What is required
Give back exactly the lines of the material below that start at the line containing "2) intrD intrM." and end at the line containing "Lemma i_neq0 : ii != 0.", and no others.

Exercise input

== == ==

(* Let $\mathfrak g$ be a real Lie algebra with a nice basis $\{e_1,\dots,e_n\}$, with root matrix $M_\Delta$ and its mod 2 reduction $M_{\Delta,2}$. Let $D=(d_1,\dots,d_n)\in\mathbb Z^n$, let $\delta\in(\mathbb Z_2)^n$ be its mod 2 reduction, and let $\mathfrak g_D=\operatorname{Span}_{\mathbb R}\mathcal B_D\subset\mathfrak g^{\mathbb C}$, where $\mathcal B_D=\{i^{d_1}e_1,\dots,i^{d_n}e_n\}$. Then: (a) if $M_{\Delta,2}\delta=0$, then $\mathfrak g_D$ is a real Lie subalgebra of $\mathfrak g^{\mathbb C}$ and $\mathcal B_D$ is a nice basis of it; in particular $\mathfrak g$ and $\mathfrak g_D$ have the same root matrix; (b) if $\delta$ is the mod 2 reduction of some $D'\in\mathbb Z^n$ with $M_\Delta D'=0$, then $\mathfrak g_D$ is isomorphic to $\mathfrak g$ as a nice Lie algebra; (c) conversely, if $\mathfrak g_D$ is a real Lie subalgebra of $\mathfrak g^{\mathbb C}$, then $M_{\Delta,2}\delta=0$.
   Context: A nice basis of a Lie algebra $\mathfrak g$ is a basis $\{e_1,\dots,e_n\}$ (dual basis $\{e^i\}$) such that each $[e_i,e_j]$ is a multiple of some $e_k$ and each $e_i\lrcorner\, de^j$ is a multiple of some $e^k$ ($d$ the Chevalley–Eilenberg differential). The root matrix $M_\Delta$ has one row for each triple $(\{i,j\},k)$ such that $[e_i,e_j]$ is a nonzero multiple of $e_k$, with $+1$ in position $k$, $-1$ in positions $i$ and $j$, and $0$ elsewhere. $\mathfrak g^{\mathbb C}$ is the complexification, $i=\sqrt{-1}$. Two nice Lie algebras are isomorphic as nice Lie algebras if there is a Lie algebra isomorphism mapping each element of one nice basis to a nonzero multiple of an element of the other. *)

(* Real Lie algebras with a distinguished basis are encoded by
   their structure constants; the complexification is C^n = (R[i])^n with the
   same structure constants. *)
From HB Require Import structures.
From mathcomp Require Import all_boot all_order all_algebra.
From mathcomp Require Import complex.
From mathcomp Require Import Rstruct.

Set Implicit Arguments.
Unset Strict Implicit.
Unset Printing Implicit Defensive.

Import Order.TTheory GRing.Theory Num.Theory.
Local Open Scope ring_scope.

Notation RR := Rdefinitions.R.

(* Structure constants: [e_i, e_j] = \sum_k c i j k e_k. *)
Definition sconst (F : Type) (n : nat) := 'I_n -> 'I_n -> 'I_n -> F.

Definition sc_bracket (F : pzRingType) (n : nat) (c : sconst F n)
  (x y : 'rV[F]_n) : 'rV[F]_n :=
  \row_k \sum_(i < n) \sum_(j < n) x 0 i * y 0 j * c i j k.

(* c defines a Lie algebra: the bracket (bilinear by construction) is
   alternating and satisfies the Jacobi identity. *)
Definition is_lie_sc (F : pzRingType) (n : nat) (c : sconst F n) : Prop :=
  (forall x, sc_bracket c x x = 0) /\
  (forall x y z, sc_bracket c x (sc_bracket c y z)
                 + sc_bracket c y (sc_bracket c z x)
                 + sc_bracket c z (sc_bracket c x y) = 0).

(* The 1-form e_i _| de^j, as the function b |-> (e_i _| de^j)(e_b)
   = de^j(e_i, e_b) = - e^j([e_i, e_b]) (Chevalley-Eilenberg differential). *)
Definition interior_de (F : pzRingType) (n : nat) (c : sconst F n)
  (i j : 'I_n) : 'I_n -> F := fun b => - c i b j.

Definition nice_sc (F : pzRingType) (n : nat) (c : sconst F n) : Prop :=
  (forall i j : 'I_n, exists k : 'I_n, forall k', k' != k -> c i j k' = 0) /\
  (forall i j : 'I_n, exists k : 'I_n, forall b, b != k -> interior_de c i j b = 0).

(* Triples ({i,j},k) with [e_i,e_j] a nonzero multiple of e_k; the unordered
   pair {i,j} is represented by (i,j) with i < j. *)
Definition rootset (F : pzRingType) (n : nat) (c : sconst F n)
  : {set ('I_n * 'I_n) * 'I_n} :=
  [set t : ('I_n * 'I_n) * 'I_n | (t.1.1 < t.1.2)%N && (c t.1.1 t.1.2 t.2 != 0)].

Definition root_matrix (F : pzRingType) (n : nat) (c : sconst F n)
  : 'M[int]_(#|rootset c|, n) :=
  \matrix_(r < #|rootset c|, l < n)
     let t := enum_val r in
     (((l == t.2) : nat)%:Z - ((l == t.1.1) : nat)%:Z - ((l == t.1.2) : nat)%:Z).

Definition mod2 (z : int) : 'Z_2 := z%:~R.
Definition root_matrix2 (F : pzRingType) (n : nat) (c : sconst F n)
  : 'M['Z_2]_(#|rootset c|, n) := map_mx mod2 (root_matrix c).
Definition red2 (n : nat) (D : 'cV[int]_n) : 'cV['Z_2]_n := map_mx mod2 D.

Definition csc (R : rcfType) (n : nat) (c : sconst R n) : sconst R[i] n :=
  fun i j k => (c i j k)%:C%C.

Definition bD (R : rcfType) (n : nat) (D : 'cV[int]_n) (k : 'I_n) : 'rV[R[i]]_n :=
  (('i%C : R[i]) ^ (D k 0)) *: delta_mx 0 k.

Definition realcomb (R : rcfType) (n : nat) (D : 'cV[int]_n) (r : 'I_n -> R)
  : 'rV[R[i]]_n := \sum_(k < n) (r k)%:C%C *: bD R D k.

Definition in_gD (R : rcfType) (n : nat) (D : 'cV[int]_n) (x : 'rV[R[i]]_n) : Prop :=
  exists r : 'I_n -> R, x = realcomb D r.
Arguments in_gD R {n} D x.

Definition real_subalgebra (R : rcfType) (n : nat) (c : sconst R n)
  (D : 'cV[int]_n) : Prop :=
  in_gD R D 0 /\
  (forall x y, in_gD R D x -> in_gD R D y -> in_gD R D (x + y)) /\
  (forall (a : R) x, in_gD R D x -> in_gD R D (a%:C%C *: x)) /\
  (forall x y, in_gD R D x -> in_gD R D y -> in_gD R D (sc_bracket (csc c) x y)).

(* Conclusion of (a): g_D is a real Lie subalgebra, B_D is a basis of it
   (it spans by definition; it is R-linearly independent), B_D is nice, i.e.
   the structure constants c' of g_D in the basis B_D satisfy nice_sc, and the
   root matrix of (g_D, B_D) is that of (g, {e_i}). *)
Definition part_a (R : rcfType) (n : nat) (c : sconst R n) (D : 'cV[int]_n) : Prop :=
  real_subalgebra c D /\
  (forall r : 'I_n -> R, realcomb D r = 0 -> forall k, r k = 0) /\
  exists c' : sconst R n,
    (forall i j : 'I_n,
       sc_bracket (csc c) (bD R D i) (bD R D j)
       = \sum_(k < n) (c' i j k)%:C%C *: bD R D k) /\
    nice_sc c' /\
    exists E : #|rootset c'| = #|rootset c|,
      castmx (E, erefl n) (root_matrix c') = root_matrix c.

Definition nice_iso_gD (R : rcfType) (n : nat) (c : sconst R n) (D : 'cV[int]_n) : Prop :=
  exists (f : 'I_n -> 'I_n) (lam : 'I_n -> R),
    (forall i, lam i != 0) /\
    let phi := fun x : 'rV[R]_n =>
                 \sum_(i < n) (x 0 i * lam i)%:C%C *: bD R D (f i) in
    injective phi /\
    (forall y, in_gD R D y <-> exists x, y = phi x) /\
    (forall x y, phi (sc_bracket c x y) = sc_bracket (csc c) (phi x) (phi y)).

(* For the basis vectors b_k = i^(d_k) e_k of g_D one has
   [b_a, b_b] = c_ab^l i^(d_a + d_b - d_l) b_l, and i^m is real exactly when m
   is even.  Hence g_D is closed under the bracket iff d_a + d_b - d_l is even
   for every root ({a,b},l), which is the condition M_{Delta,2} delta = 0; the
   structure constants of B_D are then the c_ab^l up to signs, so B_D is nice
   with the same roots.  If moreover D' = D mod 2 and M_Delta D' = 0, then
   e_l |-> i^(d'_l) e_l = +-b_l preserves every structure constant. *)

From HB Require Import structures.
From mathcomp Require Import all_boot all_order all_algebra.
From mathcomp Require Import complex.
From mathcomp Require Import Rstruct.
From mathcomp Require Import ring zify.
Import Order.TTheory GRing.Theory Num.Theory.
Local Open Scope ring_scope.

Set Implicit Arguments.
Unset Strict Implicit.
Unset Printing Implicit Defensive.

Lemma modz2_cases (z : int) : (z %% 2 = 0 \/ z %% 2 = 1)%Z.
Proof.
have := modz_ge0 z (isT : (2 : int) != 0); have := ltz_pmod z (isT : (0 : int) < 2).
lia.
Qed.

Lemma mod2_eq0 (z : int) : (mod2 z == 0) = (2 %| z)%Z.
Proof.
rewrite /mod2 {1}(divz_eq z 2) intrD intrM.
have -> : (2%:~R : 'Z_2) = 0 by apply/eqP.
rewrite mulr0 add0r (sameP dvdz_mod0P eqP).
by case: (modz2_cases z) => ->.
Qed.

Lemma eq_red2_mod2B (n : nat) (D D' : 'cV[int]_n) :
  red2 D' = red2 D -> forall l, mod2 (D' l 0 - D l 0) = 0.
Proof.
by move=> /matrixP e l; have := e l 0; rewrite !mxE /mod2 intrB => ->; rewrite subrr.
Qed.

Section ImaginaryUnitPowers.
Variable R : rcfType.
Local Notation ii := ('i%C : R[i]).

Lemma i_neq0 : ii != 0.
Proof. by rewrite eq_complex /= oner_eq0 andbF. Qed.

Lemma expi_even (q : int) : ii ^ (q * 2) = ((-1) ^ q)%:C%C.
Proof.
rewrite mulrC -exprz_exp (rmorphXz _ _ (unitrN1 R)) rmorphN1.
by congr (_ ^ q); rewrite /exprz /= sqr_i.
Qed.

== == ==

Expected output
rewrite /mod2 {1}(divz_eq z 2) intrD intrM.
have -> : (2%:~R : 'Z_2) = 0 by apply/eqP.
rewrite mulr0 add0r (sameP dvdz_mod0P eqP).
by case: (modz2_cases z) => ->.
Qed.

Lemma eq_red2_mod2B (n : nat) (D D' : 'cV[int]_n) :
  red2 D' = red2 D -> forall l, mod2 (D' l 0 - D l 0) = 0.
Proof.
by move=> /matrixP e l; have := e l 0; rewrite !mxE /mod2 intrB => ->; rewrite subrr.
Qed.

Section ImaginaryUnitPowers.
Variable R : rcfType.
Local Notation ii := ('i%C : R[i]).

Lemma i_neq0 : ii != 0.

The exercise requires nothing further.